== Input data ==
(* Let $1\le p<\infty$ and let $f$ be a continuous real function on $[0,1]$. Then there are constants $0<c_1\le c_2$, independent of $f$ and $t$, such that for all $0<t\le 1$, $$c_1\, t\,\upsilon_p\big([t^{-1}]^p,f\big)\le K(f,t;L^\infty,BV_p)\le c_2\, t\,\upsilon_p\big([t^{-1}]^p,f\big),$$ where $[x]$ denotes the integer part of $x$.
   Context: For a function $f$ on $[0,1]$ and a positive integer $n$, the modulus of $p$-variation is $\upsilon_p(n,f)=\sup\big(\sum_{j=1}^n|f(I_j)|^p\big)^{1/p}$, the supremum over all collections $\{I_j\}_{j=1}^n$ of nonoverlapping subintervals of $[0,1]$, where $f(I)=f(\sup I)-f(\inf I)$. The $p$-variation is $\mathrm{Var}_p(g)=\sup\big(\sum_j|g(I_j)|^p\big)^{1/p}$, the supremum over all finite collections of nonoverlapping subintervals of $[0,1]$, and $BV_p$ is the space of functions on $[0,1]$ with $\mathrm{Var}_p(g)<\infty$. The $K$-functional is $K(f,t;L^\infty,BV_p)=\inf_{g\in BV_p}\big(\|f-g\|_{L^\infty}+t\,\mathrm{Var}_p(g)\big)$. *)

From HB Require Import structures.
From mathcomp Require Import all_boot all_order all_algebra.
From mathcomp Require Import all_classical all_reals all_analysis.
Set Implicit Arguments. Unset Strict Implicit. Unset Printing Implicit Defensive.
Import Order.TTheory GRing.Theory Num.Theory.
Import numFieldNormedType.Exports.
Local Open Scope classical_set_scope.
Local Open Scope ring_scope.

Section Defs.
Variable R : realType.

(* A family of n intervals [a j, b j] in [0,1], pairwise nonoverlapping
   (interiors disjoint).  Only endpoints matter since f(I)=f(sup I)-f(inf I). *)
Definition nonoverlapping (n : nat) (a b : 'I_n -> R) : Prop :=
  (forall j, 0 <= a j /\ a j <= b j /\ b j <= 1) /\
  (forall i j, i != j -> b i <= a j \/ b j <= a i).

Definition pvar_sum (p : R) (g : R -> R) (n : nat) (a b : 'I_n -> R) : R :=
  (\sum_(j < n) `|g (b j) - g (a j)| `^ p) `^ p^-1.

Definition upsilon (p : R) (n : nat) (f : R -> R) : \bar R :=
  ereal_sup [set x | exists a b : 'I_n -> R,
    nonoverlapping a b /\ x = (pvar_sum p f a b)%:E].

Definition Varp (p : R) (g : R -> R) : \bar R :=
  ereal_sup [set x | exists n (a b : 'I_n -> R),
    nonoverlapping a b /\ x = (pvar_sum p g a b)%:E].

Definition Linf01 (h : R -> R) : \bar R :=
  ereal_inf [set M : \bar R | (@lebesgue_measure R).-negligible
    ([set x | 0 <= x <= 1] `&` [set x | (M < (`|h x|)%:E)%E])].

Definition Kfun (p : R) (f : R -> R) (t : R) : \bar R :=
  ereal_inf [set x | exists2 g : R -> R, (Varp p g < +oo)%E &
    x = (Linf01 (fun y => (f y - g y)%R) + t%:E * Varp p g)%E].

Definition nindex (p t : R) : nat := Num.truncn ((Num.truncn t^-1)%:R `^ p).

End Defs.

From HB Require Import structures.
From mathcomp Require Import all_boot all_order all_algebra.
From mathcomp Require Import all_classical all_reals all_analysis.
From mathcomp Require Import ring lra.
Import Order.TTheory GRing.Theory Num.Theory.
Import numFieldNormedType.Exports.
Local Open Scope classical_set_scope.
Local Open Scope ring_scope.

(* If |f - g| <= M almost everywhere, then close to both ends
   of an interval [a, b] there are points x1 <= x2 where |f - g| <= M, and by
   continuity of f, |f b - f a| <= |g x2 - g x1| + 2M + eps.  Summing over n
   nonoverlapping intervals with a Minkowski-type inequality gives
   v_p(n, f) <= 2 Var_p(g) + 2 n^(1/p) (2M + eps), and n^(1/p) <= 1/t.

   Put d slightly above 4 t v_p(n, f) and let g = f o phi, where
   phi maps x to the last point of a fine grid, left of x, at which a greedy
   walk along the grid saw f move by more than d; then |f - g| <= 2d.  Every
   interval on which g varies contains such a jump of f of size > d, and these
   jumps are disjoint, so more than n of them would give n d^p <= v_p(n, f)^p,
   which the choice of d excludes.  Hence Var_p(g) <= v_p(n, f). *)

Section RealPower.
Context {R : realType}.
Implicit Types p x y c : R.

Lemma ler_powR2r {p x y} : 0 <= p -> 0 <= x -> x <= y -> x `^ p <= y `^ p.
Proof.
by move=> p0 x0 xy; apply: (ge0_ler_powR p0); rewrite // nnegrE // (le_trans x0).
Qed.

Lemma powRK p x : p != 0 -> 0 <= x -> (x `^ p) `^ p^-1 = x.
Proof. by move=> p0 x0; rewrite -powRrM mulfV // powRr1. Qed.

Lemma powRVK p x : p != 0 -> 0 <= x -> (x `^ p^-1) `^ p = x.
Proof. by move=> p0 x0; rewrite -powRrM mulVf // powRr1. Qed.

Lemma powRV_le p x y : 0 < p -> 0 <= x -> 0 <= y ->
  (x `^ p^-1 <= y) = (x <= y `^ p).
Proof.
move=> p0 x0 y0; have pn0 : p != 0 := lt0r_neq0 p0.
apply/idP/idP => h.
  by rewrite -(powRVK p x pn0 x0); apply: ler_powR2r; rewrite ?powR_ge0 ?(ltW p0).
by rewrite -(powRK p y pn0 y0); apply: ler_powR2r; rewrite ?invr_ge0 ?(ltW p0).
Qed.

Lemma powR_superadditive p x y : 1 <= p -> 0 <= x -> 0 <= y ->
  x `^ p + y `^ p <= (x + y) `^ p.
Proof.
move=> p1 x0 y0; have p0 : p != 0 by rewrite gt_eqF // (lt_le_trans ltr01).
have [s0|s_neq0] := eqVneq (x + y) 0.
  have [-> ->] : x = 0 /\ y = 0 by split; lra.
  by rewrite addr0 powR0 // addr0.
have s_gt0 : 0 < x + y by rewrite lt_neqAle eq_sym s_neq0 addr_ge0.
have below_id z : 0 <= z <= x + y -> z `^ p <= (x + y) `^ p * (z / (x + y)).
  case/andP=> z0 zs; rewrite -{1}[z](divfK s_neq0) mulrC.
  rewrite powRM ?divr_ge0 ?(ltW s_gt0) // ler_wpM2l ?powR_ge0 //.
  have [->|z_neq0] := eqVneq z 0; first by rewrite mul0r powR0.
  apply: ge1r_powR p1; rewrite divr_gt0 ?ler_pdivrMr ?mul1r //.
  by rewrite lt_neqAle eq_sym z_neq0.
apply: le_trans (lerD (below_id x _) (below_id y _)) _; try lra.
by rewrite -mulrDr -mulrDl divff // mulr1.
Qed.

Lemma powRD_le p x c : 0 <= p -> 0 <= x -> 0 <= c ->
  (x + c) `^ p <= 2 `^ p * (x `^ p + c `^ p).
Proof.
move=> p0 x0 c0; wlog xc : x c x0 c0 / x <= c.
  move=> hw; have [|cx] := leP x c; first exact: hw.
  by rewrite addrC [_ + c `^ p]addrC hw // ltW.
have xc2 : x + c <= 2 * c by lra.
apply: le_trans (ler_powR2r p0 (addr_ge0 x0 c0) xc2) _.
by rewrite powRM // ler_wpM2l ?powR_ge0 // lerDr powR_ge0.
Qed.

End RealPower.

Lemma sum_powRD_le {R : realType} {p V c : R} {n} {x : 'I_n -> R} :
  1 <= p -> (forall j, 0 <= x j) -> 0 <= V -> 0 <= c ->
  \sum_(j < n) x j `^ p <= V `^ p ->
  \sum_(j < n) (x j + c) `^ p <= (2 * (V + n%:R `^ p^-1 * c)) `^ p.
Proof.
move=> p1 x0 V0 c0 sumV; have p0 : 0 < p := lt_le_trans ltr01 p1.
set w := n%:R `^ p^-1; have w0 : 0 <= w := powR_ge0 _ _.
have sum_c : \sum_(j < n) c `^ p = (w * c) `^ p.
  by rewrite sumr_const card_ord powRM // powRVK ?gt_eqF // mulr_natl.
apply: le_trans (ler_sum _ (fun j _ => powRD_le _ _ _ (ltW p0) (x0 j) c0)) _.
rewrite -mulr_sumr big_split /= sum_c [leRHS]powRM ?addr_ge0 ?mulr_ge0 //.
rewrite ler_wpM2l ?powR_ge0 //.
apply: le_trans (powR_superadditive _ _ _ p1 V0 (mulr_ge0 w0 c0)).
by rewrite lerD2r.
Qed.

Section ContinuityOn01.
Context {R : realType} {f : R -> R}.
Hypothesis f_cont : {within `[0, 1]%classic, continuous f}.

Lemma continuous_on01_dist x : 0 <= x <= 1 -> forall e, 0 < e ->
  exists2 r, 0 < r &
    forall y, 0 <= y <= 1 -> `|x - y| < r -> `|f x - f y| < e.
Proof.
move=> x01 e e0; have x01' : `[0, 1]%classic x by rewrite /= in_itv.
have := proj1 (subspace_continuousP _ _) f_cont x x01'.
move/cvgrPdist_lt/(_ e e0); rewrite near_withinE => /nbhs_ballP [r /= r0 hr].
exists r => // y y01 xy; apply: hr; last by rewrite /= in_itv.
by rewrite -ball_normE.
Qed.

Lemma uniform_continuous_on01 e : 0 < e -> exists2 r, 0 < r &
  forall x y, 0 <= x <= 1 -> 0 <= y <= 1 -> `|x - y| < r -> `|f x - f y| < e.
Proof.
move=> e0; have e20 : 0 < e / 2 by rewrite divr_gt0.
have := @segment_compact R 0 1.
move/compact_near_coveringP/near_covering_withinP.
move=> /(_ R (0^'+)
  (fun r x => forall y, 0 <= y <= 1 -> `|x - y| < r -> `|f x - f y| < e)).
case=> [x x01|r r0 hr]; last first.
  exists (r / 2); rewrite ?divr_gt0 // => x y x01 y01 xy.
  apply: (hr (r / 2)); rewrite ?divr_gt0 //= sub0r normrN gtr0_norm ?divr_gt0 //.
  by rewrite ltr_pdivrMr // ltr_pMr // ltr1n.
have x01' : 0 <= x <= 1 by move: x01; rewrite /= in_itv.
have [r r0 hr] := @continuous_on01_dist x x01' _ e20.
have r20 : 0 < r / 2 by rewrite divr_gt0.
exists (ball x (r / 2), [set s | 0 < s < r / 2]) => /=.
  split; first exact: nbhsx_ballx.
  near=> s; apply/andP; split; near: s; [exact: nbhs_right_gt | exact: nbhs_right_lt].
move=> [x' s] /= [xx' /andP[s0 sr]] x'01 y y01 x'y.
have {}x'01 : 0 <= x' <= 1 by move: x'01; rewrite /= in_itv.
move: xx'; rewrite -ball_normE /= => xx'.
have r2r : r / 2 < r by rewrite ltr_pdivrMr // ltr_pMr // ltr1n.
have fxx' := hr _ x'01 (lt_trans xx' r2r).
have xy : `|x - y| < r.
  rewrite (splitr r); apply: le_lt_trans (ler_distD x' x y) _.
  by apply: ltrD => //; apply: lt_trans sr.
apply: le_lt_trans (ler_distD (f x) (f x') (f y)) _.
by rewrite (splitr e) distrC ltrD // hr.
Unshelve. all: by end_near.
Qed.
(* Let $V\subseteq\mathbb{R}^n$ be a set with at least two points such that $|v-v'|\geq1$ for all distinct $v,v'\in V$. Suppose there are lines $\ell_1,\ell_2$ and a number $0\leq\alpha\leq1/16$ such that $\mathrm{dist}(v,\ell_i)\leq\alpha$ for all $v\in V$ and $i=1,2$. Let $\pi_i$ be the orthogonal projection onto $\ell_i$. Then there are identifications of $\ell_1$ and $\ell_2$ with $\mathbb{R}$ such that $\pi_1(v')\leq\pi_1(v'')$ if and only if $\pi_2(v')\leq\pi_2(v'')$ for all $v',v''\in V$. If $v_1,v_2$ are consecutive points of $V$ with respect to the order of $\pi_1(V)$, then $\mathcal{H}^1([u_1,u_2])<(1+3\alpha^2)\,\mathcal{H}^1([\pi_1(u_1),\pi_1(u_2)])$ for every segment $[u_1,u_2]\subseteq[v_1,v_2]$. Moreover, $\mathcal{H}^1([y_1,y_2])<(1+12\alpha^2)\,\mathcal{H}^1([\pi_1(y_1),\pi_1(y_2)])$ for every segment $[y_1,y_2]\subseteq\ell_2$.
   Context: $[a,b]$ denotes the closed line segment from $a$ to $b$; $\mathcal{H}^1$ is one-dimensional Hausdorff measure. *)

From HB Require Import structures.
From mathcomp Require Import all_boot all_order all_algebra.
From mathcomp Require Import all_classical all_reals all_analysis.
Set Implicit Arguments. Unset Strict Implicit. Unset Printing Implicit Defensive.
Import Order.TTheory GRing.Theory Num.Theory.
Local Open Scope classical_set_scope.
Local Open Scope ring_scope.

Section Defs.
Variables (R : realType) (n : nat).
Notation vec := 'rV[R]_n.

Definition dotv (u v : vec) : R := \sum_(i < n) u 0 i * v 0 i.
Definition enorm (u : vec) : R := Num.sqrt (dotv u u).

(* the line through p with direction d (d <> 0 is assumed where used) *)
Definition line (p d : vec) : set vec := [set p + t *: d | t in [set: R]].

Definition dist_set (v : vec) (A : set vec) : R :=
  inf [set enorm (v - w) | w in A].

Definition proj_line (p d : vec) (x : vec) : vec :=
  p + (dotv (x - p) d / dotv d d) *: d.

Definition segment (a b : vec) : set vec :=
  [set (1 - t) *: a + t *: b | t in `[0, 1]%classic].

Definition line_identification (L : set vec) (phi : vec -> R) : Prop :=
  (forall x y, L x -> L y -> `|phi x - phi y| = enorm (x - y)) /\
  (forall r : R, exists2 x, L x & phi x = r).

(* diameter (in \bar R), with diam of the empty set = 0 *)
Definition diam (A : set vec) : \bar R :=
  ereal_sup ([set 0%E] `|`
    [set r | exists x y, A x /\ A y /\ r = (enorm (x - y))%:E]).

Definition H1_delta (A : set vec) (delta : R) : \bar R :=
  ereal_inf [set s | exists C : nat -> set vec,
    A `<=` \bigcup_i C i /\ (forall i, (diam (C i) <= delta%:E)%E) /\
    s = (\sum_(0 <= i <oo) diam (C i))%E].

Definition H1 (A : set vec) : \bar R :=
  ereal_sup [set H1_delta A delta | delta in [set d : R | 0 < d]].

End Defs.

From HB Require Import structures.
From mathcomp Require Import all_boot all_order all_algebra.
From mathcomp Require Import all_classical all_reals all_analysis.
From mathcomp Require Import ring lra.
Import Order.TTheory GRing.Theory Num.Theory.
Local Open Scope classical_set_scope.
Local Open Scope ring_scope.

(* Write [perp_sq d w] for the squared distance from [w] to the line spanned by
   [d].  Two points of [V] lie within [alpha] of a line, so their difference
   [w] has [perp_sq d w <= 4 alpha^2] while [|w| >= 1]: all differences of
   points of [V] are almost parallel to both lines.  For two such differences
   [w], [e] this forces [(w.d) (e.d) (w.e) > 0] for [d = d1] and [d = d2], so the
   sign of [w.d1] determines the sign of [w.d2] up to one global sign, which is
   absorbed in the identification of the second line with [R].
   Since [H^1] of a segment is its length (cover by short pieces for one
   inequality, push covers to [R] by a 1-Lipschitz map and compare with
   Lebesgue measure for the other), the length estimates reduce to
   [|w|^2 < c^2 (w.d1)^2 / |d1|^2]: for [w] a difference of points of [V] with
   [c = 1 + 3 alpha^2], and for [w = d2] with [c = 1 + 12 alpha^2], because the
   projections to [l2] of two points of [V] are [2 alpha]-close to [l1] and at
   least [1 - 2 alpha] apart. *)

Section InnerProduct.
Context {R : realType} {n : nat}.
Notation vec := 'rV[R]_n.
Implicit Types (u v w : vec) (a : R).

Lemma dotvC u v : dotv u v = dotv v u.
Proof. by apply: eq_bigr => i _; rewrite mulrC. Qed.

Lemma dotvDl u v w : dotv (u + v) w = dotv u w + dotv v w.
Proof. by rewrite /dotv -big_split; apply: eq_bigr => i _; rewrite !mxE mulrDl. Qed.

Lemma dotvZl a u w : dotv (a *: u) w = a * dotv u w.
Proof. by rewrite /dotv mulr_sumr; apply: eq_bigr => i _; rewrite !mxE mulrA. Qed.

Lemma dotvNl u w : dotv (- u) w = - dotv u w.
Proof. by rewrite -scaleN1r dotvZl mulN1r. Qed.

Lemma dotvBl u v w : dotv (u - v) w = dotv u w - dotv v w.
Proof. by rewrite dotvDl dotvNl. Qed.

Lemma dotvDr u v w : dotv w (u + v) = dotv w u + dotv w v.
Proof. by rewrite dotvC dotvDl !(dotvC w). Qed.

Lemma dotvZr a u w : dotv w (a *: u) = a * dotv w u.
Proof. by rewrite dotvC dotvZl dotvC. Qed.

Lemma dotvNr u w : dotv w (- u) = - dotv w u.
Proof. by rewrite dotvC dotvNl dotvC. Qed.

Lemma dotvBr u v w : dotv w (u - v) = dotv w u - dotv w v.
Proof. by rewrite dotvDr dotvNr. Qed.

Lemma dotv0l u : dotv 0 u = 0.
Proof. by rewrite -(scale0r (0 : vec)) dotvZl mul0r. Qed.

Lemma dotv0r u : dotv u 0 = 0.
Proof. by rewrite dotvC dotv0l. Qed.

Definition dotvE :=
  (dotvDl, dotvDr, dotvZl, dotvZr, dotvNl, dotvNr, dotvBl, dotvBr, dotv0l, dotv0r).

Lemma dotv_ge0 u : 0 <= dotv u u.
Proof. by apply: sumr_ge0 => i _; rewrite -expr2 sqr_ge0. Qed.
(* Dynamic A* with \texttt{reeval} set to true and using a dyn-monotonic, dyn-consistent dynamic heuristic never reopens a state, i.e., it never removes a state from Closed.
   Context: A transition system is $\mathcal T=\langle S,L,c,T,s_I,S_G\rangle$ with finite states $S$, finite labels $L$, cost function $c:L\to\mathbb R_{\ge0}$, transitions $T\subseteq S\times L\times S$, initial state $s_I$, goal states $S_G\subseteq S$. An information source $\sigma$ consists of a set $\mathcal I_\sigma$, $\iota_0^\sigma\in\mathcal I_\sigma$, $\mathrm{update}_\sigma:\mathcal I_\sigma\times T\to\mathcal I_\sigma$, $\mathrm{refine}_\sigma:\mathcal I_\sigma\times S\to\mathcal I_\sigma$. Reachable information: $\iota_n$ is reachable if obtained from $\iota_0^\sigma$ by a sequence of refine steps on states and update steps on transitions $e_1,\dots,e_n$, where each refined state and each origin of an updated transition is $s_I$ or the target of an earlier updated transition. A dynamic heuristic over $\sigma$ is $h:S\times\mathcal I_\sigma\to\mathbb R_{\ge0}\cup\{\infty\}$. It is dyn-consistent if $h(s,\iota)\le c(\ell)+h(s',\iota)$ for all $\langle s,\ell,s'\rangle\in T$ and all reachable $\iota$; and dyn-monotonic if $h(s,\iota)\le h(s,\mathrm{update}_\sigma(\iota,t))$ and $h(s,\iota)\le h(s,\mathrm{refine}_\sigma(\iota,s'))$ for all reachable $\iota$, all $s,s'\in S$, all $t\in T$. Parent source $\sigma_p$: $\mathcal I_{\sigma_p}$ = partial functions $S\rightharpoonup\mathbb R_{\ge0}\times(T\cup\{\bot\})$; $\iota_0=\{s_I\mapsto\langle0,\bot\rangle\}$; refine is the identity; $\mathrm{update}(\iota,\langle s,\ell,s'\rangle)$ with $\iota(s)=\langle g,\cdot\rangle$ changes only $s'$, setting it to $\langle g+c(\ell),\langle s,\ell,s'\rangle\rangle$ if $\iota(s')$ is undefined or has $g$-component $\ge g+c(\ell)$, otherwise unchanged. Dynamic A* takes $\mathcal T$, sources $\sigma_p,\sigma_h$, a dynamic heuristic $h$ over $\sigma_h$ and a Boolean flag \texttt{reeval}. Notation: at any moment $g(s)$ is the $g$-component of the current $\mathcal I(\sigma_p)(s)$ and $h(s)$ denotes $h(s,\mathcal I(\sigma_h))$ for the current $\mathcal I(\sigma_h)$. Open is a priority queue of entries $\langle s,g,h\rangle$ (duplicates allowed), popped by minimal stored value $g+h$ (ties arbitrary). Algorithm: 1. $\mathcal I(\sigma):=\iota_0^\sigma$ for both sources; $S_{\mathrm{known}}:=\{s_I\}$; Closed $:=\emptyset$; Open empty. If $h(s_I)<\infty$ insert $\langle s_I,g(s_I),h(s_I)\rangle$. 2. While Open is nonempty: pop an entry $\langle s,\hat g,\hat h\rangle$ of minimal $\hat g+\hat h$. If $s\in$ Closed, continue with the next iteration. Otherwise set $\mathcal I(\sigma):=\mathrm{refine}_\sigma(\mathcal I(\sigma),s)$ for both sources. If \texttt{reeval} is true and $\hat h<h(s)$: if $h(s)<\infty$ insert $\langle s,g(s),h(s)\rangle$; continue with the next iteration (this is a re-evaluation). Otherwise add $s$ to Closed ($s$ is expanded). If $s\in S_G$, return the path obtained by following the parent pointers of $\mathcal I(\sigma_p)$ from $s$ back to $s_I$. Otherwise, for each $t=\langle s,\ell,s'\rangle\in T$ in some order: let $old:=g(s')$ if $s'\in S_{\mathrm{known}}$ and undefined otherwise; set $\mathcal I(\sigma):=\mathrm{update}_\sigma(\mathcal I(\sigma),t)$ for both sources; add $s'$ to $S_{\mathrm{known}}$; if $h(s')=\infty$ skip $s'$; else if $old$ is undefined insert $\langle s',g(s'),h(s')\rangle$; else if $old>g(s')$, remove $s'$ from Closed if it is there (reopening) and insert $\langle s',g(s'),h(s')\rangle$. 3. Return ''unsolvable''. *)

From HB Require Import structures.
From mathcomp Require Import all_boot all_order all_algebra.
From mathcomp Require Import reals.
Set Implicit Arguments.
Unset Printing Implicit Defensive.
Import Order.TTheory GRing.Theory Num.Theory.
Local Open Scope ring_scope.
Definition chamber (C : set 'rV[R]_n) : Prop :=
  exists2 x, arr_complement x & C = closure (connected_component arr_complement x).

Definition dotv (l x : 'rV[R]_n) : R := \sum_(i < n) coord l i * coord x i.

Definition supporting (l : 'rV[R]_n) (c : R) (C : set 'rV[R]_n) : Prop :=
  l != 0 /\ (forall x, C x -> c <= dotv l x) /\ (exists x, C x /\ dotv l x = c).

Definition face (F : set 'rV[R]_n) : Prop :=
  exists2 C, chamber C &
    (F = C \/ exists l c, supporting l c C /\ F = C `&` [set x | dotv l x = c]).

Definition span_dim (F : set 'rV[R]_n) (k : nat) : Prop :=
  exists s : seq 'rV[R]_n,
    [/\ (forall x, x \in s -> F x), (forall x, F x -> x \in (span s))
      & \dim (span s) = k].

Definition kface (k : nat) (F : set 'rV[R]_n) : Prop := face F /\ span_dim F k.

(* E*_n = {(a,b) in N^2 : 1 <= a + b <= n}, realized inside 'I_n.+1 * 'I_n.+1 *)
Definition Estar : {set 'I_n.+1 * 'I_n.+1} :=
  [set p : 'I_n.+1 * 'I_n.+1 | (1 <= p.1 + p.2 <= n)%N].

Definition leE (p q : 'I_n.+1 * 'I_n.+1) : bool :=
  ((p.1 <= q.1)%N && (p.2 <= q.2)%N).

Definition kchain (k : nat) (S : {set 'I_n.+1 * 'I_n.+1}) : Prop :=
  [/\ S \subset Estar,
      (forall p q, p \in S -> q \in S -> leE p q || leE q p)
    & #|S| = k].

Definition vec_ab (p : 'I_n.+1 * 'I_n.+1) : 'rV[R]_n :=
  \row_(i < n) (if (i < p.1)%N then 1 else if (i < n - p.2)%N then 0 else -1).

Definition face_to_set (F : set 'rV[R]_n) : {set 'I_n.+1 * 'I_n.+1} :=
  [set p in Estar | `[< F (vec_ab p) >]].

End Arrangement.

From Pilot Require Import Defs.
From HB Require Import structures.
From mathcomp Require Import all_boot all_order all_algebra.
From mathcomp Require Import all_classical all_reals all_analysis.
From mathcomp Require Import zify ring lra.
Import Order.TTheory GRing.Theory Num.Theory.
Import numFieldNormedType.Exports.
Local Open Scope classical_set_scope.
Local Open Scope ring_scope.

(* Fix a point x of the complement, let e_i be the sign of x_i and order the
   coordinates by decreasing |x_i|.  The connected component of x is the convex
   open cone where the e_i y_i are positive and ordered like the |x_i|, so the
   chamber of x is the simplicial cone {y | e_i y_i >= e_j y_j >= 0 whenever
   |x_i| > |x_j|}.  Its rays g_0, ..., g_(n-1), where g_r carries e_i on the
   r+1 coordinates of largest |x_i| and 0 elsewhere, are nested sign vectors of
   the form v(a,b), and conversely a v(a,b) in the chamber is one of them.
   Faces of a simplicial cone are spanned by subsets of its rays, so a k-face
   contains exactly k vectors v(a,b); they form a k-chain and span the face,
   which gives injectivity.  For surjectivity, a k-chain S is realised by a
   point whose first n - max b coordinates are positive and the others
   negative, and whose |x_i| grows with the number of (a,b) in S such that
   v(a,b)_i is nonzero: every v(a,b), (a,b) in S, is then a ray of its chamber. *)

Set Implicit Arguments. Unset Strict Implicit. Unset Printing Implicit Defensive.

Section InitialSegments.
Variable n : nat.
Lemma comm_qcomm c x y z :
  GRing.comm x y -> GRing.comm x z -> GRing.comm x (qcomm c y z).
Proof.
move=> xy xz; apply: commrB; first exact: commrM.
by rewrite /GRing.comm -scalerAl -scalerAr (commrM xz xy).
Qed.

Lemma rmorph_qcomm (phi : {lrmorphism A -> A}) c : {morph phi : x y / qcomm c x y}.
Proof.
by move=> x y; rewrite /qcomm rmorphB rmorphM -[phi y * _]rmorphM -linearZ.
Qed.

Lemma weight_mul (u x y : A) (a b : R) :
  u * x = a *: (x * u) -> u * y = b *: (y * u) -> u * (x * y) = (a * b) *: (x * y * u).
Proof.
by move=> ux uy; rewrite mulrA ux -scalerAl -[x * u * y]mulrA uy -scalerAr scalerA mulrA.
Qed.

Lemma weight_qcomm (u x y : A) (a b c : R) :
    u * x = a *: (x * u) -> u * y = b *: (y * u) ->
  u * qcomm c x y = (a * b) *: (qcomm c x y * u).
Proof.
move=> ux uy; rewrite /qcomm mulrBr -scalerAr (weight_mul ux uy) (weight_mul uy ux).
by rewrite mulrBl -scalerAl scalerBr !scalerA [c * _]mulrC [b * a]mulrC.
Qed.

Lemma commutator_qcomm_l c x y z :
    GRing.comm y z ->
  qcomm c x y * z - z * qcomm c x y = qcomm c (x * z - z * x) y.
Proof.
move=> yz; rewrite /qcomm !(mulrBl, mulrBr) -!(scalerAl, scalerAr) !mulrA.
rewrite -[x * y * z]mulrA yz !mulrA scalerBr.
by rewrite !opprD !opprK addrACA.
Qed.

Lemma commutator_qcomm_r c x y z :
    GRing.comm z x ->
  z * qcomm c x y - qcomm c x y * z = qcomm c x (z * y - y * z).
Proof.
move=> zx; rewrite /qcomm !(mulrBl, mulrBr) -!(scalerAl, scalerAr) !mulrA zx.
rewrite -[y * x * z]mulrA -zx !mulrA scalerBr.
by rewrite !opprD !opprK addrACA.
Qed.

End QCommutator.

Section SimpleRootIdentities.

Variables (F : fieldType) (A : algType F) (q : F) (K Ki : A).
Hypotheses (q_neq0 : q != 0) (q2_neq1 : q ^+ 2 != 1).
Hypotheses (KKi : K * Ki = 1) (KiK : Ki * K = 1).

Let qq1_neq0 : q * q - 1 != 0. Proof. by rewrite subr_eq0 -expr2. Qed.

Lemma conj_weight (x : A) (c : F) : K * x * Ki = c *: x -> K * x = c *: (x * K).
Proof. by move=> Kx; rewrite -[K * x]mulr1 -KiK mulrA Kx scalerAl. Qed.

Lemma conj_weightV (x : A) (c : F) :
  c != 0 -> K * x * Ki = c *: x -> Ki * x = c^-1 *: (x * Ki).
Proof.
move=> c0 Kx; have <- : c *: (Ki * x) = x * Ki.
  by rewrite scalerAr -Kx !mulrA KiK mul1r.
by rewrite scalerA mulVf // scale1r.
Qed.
===
_Instructions to follow_
Output should match, line for line, the stretch of the material above from the line holding "Lemma weight_qcomm (u" through the line holding "GRing.comm y z ->".

_Result for this task_
Lemma weight_qcomm (u x y : A) (a b c : R) :
    u * x = a *: (x * u) -> u * y = b *: (y * u) ->
  u * qcomm c x y = (a * b) *: (qcomm c x y * u).
Proof.
move=> ux uy; rewrite /qcomm mulrBr -scalerAr (weight_mul ux uy) (weight_mul uy ux).
by rewrite mulrBl -scalerAl scalerBr !scalerA [c * _]mulrC [b * a]mulrC.
Qed.

Lemma commutator_qcomm_l c x y z :
    GRing.comm y z ->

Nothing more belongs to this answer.